[Records drawn from a dataset]
"""
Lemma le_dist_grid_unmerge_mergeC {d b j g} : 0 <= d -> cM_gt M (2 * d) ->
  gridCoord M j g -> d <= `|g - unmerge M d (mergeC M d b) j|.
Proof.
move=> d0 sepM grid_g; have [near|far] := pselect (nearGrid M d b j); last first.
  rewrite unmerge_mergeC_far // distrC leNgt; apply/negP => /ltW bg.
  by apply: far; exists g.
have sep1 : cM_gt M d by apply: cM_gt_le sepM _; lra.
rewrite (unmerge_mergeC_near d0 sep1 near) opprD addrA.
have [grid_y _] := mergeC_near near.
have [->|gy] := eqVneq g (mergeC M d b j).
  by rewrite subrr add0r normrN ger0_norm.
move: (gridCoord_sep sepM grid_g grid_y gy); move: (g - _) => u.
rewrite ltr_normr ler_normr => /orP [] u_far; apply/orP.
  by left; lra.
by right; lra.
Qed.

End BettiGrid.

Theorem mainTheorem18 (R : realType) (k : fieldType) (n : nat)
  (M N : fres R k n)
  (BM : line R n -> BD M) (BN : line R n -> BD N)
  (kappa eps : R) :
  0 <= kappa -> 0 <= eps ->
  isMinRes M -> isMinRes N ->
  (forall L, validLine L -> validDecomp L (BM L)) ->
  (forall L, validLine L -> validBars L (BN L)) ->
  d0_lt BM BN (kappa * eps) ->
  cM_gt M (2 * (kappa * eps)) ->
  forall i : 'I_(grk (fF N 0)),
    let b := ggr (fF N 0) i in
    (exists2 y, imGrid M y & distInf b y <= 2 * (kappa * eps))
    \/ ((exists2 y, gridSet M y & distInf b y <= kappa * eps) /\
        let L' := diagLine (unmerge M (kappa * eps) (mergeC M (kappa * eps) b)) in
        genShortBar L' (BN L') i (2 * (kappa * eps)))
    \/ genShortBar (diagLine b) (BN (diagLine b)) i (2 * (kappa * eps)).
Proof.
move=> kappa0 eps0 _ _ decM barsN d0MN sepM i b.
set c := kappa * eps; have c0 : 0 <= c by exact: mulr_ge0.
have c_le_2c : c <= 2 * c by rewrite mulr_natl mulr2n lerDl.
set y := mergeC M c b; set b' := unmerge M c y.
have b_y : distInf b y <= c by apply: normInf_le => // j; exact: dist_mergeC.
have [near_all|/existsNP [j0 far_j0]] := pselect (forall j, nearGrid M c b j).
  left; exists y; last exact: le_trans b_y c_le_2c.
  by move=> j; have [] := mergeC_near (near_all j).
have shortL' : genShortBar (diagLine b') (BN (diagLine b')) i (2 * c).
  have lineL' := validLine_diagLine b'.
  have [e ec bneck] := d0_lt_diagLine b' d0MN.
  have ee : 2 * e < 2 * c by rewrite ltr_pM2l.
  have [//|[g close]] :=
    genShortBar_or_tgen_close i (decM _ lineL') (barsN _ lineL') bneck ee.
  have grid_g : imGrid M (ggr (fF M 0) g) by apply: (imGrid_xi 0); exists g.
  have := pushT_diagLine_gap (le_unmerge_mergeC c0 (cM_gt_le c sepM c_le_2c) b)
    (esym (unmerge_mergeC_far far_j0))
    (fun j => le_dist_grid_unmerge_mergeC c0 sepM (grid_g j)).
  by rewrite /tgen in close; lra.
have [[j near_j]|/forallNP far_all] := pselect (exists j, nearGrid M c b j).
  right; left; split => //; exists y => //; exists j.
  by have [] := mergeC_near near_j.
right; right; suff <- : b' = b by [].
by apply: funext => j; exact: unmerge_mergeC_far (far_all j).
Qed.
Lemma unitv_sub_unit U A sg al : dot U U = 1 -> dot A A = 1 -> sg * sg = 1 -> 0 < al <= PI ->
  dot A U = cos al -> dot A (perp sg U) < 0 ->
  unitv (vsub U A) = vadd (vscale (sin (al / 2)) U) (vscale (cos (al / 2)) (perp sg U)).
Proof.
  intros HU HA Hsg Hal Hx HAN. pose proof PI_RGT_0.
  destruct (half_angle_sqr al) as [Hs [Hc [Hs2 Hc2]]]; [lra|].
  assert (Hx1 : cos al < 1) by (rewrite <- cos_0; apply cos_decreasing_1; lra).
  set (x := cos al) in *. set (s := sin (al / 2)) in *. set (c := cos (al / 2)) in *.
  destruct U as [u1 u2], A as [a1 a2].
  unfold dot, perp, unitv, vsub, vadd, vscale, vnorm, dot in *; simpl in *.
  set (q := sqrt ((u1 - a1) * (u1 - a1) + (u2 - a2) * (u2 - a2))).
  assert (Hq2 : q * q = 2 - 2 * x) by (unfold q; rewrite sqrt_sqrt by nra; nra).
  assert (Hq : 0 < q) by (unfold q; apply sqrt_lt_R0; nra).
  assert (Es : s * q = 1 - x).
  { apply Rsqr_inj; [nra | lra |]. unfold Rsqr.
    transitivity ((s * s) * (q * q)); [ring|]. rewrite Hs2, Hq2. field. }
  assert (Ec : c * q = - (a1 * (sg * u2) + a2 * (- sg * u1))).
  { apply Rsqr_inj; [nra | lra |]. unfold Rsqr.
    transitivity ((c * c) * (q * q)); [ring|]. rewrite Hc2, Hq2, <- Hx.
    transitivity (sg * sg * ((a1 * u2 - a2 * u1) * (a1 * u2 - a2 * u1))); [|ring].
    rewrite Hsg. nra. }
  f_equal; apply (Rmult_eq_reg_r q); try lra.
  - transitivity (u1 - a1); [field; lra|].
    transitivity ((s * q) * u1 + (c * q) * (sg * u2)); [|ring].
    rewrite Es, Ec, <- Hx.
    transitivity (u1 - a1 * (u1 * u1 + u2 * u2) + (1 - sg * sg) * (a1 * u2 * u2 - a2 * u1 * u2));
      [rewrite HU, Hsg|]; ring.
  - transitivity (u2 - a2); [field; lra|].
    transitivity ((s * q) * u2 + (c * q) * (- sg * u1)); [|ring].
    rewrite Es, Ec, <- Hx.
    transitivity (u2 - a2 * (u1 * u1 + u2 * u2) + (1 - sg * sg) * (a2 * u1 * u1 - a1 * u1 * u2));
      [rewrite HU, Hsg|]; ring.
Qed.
"""
**Problem to solve**
The answer should consist of every line above in which "ring" appears.

**Result of this exercise**
    transitivity ((s * s) * (q * q)); [ring|]. rewrite Hs2, Hq2. field. }
    transitivity ((c * c) * (q * q)); [ring|]. rewrite Hc2, Hq2, <- Hx.
    transitivity (sg * sg * ((a1 * u2 - a2 * u1) * (a1 * u2 - a2 * u1))); [|ring].
    transitivity ((s * q) * u1 + (c * q) * (sg * u2)); [|ring].
      [rewrite HU, Hsg|]; ring.
    transitivity ((s * q) * u2 + (c * q) * (- sg * u1)); [|ring].
      [rewrite HU, Hsg|]; ring.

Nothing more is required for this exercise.